Updated September 11, 2017 06:01 PM EDT

Georgia officials confirmed two people have died as a result of Tropical Storm Irma.

Georgia Emergency Management Agency spokeswoman Catherine Howden said the second death occurred in Sandy Springs, which is north of Atlanta.

The storm is also being blamed for the death of a 62-year-old man in southwest Georgia.

Authorities said the man used a ladder to climb onto a shed Monday when winds in the area had exceeded 40 mph. Worth County sheriff's spokeswoman Kannetha Clem said the man's wife called 911, saying the victim had a heart attack.

Updated September 11, 2017 03:55 PM EDT

Florida Gov. Rick Scott held a press conference Monday after surveying the damage Hurricane Irma left behind on the Florida Keys.

"My heart goes out to the Keys," Scott said. "There's devastation ... it's horrible what we saw."

Scott said there is "devastation" there and he hopes everyone who stayed behind survived the storm.
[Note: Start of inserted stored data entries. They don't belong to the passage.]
(* Suppose $0\le\alpha_3\le\alpha_2\le\alpha_1\le\pi/4$, and define $\zeta_0=\cos\alpha_1\cos\alpha_2\cos\alpha_3-\mathrm{i}\sin\alpha_1\sin\alpha_2\sin\alpha_3$, $\zeta_1=\cos\alpha_1\sin\alpha_2\sin\alpha_3-\mathrm{i}\sin\alpha_1\cos\alpha_2\cos\alpha_3$, $\zeta_2=\sin\alpha_1\cos\alpha_2\sin\alpha_3-\mathrm{i}\cos\alpha_1\sin\alpha_2\cos\alpha_3$, $\zeta_3=\sin\alpha_1\sin\alpha_2\cos\alpha_3-\mathrm{i}\cos\alpha_1\cos\alpha_2\sin\alpha_3$. Then $|\zeta_0|>|\zeta_1|=|\zeta_2|=|\zeta_3|>0$ if and only if $0<\alpha_3=\alpha_2=\alpha_1<\pi/4$.
   Context: The numbers $|\zeta_k|$ are the four Schmidt coefficients of the two-qubit unitary $U(\alpha_1,\alpha_2,\alpha_3)=\exp[-\mathrm{i}\sum_{k=1}^3\alpha_k\sigma_k\otimes\sigma_k]=\sum_{k=0}^3\zeta_k\sigma_k\otimes\sigma_k$ ($\sigma_0=I$, $\sigma_k$ Pauli matrices). *)

From Stdlib Require Import Reals.
From Coquelicot Require Import Coquelicot.
Open Scope R_scope.

Definition zeta0 (a1 a2 a3 : R) : C :=
  (cos a1 * cos a2 * cos a3, - (sin a1 * sin a2 * sin a3)).
Definition zeta1 (a1 a2 a3 : R) : C :=
  (cos a1 * sin a2 * sin a3, - (sin a1 * cos a2 * cos a3)).
Definition zeta2 (a1 a2 a3 : R) : C :=
  (sin a1 * cos a2 * sin a3, - (cos a1 * sin a2 * cos a3)).
Definition zeta3 (a1 a2 a3 : R) : C :=
  (sin a1 * sin a2 * cos a3, - (cos a1 * cos a2 * sin a3)).

(** With [x_k = sin^2 a_k], the squared moduli [|zeta_k|^2] are multilinear
    polynomials in [x1, x2, x3] whose consecutive differences factor as
    [(1 - 2 x1) (1 - x2 - x3)], [(1 - 2 x3) (x1 - x2)] and [(1 - 2 x1) (x2 - x3)].
    On [0 <= x3 <= x2 <= x1 <= 1/2] the strict inequality forces [x1 < 1/2],
    which makes the other two factors [1 - 2 x_k] nonzero, so the equalities
    force [x1 = x2 = x3 = x]; then [|zeta_3|^2 = x (1 - x)] is positive iff
    [x > 0].  Since [sin^2] is strictly increasing on [[0, pi/2]], these
    conditions on the [x_k] are exactly the stated ones on the [a_k]. *)

From Stdlib Require Import Reals Lra Psatz.
From Coquelicot Require Import Coquelicot.
Open Scope R_scope.

Definition schmidt0 (x1 x2 x3 : R) : R := x1 * x2 * x3 + (1 - x1) * (1 - x2) * (1 - x3).
Definition schmidt1 (x1 x2 x3 : R) : R := (1 - x1) * x2 * x3 + x1 * (1 - x2) * (1 - x3).
Definition schmidt2 (x1 x2 x3 : R) : R := x1 * (1 - x2) * x3 + (1 - x1) * x2 * (1 - x3).
Definition schmidt3 (x1 x2 x3 : R) : R := x1 * x2 * (1 - x3) + (1 - x1) * (1 - x2) * x3.

Section SchmidtPolynomials.

Variables x1 x2 x3 : R.

Lemma schmidt0_sub_schmidt1 :
  schmidt0 x1 x2 x3 - schmidt1 x1 x2 x3 = (1 - 2 * x1) * (1 - x2 - x3).
Proof. unfold schmidt0, schmidt1; ring. Qed.

Lemma schmidt1_sub_schmidt2 :
  schmidt1 x1 x2 x3 - schmidt2 x1 x2 x3 = (1 - 2 * x3) * (x1 - x2).
Proof. unfold schmidt1, schmidt2; ring. Qed.

Lemma schmidt2_sub_schmidt3 :
  schmidt2 x1 x2 x3 - schmidt3 x1 x2 x3 = (1 - 2 * x1) * (x2 - x3).
Proof. unfold schmidt2, schmidt3; ring. Qed.

End SchmidtPolynomials.

Lemma schmidt3_diag (x : R) : schmidt3 x x x = x * (1 - x).
Proof. unfold schmidt3; ring. Qed.

Lemma schmidt_separated_iff (x1 x2 x3 : R) :
  0 <= x3 -> x3 <= x2 -> x2 <= x1 -> x1 <= 1 / 2 ->
  ((schmidt0 x1 x2 x3 > schmidt1 x1 x2 x3 /\
    schmidt1 x1 x2 x3 = schmidt2 x1 x2 x3 /\
    schmidt2 x1 x2 x3 = schmidt3 x1 x2 x3 /\
    schmidt3 x1 x2 x3 > 0)
   <->
   (0 < x3 /\ x3 = x2 /\ x2 = x1 /\ x1 < 1 / 2)).
Proof.
  intros h3 h32 h21 h1.
  pose proof (schmidt0_sub_schmidt1 x1 x2 x3) as d01.
  pose proof (schmidt1_sub_schmidt2 x1 x2 x3) as d12.
  pose proof (schmidt2_sub_schmidt3 x1 x2 x3) as d23.
  split.
  - intros [gt01 [eq12 [eq23 pos3]]].
    assert (lt1 : x1 < 1 / 2) by nra.
    assert (e23 : x3 = x2).
    { destruct (Rmult_integral (1 - 2 * x1) (x2 - x3)); lra. }
    assert (e12 : x2 = x1).
    { destruct (Rmult_integral (1 - 2 * x3) (x1 - x2)); lra. }
    subst x2 x3.
    rewrite schmidt3_diag in pos3.
    repeat split; nra.
  - intros [pos3 [e23 [e12 lt1]]].
    subst x2 x3.
    pose proof (schmidt3_diag x1).
    repeat split; nra.
Qed.

Lemma Cmod_zeta0_sqr (a1 a2 a3 : R) :
  Cmod (zeta0 a1 a2 a3) ^ 2 = schmidt0 (sin a1 ^ 2) (sin a2 ^ 2) (sin a3 ^ 2).
Proof.
  rewrite Cmod2_alt; cbn [Re Im fst snd zeta0]; unfold schmidt0.
  rewrite <- !Rsqr_pow2, <- Rsqr_neg, !Rsqr_mult, !cos2; unfold Rsqr; ring.
Qed.

Lemma Cmod_zeta1_sqr (a1 a2 a3 : R) :
  Cmod (zeta1 a1 a2 a3) ^ 2 = schmidt1 (sin a1 ^ 2) (sin a2 ^ 2) (sin a3 ^ 2).
Proof.
  rewrite Cmod2_alt; cbn [Re Im fst snd zeta1]; unfold schmidt1.
  rewrite <- !Rsqr_pow2, <- Rsqr_neg, !Rsqr_mult, !cos2; unfold Rsqr; ring.
Qed.

Lemma Cmod_zeta2_sqr (a1 a2 a3 : R) :
  Cmod (zeta2 a1 a2 a3) ^ 2 = schmidt2 (sin a1 ^ 2) (sin a2 ^ 2) (sin a3 ^ 2).
Proof.
  rewrite Cmod2_alt; cbn [Re Im fst snd zeta2]; unfold schmidt2.
  rewrite <- !Rsqr_pow2, <- Rsqr_neg, !Rsqr_mult, !cos2; unfold Rsqr; ring.
Qed.

Lemma Cmod_zeta3_sqr (a1 a2 a3 : R) :
  Cmod (zeta3 a1 a2 a3) ^ 2 = schmidt3 (sin a1 ^ 2) (sin a2 ^ 2) (sin a3 ^ 2).
Proof.
  rewrite Cmod2_alt; cbn [Re Im fst snd zeta3]; unfold schmidt3.
  rewrite <- !Rsqr_pow2, <- Rsqr_neg, !Rsqr_mult, !cos2; unfold Rsqr; ring.
Qed.

Lemma Rgt_pow2_iff (u v : R) : 0 <= u -> 0 <= v -> (u > v <-> u ^ 2 > v ^ 2).
Proof. intros hu hv; split; intro h; nra. Qed.

Lemma Req_pow2_iff (u v : R) : 0 <= u -> 0 <= v -> (u = v <-> u ^ 2 = v ^ 2).
Proof. intros hu hv; split; intro h; [subst; reflexivity | nra]. Qed.

Lemma pow2_gt_0_iff (u : R) : 0 <= u -> (u > 0 <-> u ^ 2 > 0).
Proof. intro hu; split; intro h; nra. Qed.

Lemma sin_pow2_le (a b : R) : 0 <= a -> a <= b -> b <= PI / 2 -> sin a ^ 2 <= sin b ^ 2.
Proof.
  intros ha hab hb; pose proof PI_RGT_0.
  assert (sin a <= sin b) by (apply sin_incr_1; lra).
  assert (0 <= sin a) by (apply sin_ge_0; lra).
  nra.
Qed.

Lemma sin_pow2_lt (a b : R) : 0 <= a -> a < b -> b <= PI / 2 -> sin a ^ 2 < sin b ^ 2.
Proof.
  intros ha hab hb; pose proof PI_RGT_0.
  assert (sin a < sin b) by (apply sin_increasing_1; lra).
  assert (0 <= sin a) by (apply sin_ge_0; lra).
  nra.
Qed.

Lemma sin_pow2_lt_iff (a b : R) :
  0 <= a <= PI / 2 -> 0 <= b <= PI / 2 -> (a < b <-> sin a ^ 2 < sin b ^ 2).
Proof.
  intros ha hb; split; [intro; apply sin_pow2_lt; lra |].
  intro h; destruct (Rlt_or_le a b) as [lt | le]; [exact lt |].
  pose proof (sin_pow2_le b a); lra.
Qed.

Lemma sin_pow2_eq_iff (a b : R) :
  0 <= a <= PI / 2 -> 0 <= b <= PI / 2 -> (a = b <-> sin a ^ 2 = sin b ^ 2).
Proof.
  intros ha hb; split; [intros ->; reflexivity |].
  intro h; destruct (Rtotal_order a b) as [lt | [eq | gt]]; [| exact eq |].
  - pose proof (sin_pow2_lt a b); lra.
  - pose proof (sin_pow2_lt b a); lra.
Qed.

Lemma sin_0_pow2 : sin 0 ^ 2 = 0.
Proof. rewrite sin_0; ring. Qed.

Lemma sin_PI4_pow2 : sin (PI / 4) ^ 2 = 1 / 2.
Proof.
  pose proof (sin2_cos2 (PI / 4)) as h; rewrite <- sin_cos_PI4 in h.
  unfold Rsqr in h; lra.
Qed.

Theorem lemma9 (a1 a2 a3 : R) :
  0 <= a3 -> a3 <= a2 -> a2 <= a1 -> a1 <= PI / 4 ->
  ((Cmod (zeta0 a1 a2 a3) > Cmod (zeta1 a1 a2 a3) /\
    Cmod (zeta1 a1 a2 a3) = Cmod (zeta2 a1 a2 a3) /\
    Cmod (zeta2 a1 a2 a3) = Cmod (zeta3 a1 a2 a3) /\
    Cmod (zeta3 a1 a2 a3) > 0)
   <->
   (0 < a3 /\ a3 = a2 /\ a2 = a1 /\ a1 < PI / 4)).
Proof.
  intros h3 h32 h21 h1; pose proof PI_RGT_0.
  rewrite (Rgt_pow2_iff _ _ (Cmod_ge_0 _) (Cmod_ge_0 _)),
    !(Req_pow2_iff _ _ (Cmod_ge_0 _) (Cmod_ge_0 _)),
    (pow2_gt_0_iff _ (Cmod_ge_0 _)),
    Cmod_zeta0_sqr, Cmod_zeta1_sqr, Cmod_zeta2_sqr, Cmod_zeta3_sqr.
  rewrite schmidt_separated_iff.
  - rewrite (sin_pow2_lt_iff 0 a3), (sin_pow2_eq_iff a3 a2), (sin_pow2_eq_iff a2 a1),
      (sin_pow2_lt_iff a1 (PI / 4)), sin_0_pow2, sin_PI4_pow2 by lra.
    reflexivity.
  - apply pow2_ge_0.
  - apply sin_pow2_le; lra.
  - apply sin_pow2_le; lra.
  - rewrite <- sin_PI4_pow2; apply sin_pow2_le; lra.
Qed.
The governor added that every mobile home park in the Keys had overturned homes.

Likewise, President Donald Trump's National Security adviser Tom Bossert said it could take weeks before evacuees can return to their homes.

Updated September 11, 2017 02:19 PM EDT

A Flash Flood Emergency has been issued for parts of Charleston County, South Carolina.

A tornado watch is in effect for parts of Georgia and South Carolina until 10 p.m. Tuesday.

Updated September 11, 2017 01:58 PM EDT

Our affiliate WPDE shared video after wind blew the roof off the Garden City Inn in Garden City, South Carolina.

Updated September 11, 2017 01:53 PM EDT

Tropical Storm Irma continues to weaken as its center moves into southern Georgia, the National Hurricane Center (NHC) said Monday.

Irma's maximum sustained winds have decreased to near 60 mph, with higher gusts.

The storm is centered about 50 miles south-southeast of Albany, Georgia, and about 55 miles east of Tallahassee, Florida.

Irma is moving north-northwest at 17 mph, the NHC said. It will continue to move over southwestern Georgia on Monday and will move into eastern Alabama on Tuesday morning.

Updated September 11, 2017 01:22 PM EDT

The National Weather Service (NWS) put most of eastern Alabama under a tropical storm warning Monday, and the rest of the state was placed under a wind advisory.

Strong winds and gusts of up to 50 mph were expected through early Tuesday, the Alabama Emergency Management Agency said.

Hotels in Alabama filled with evacuees from Florida on Monday, with Irma's center expected to cross into Georgia on Monday afternoon. Schools and businesses across Alabama were closed.

Nearly 7.2 millions homes and businesses in multiple states -- most of them in Florida -- are without power.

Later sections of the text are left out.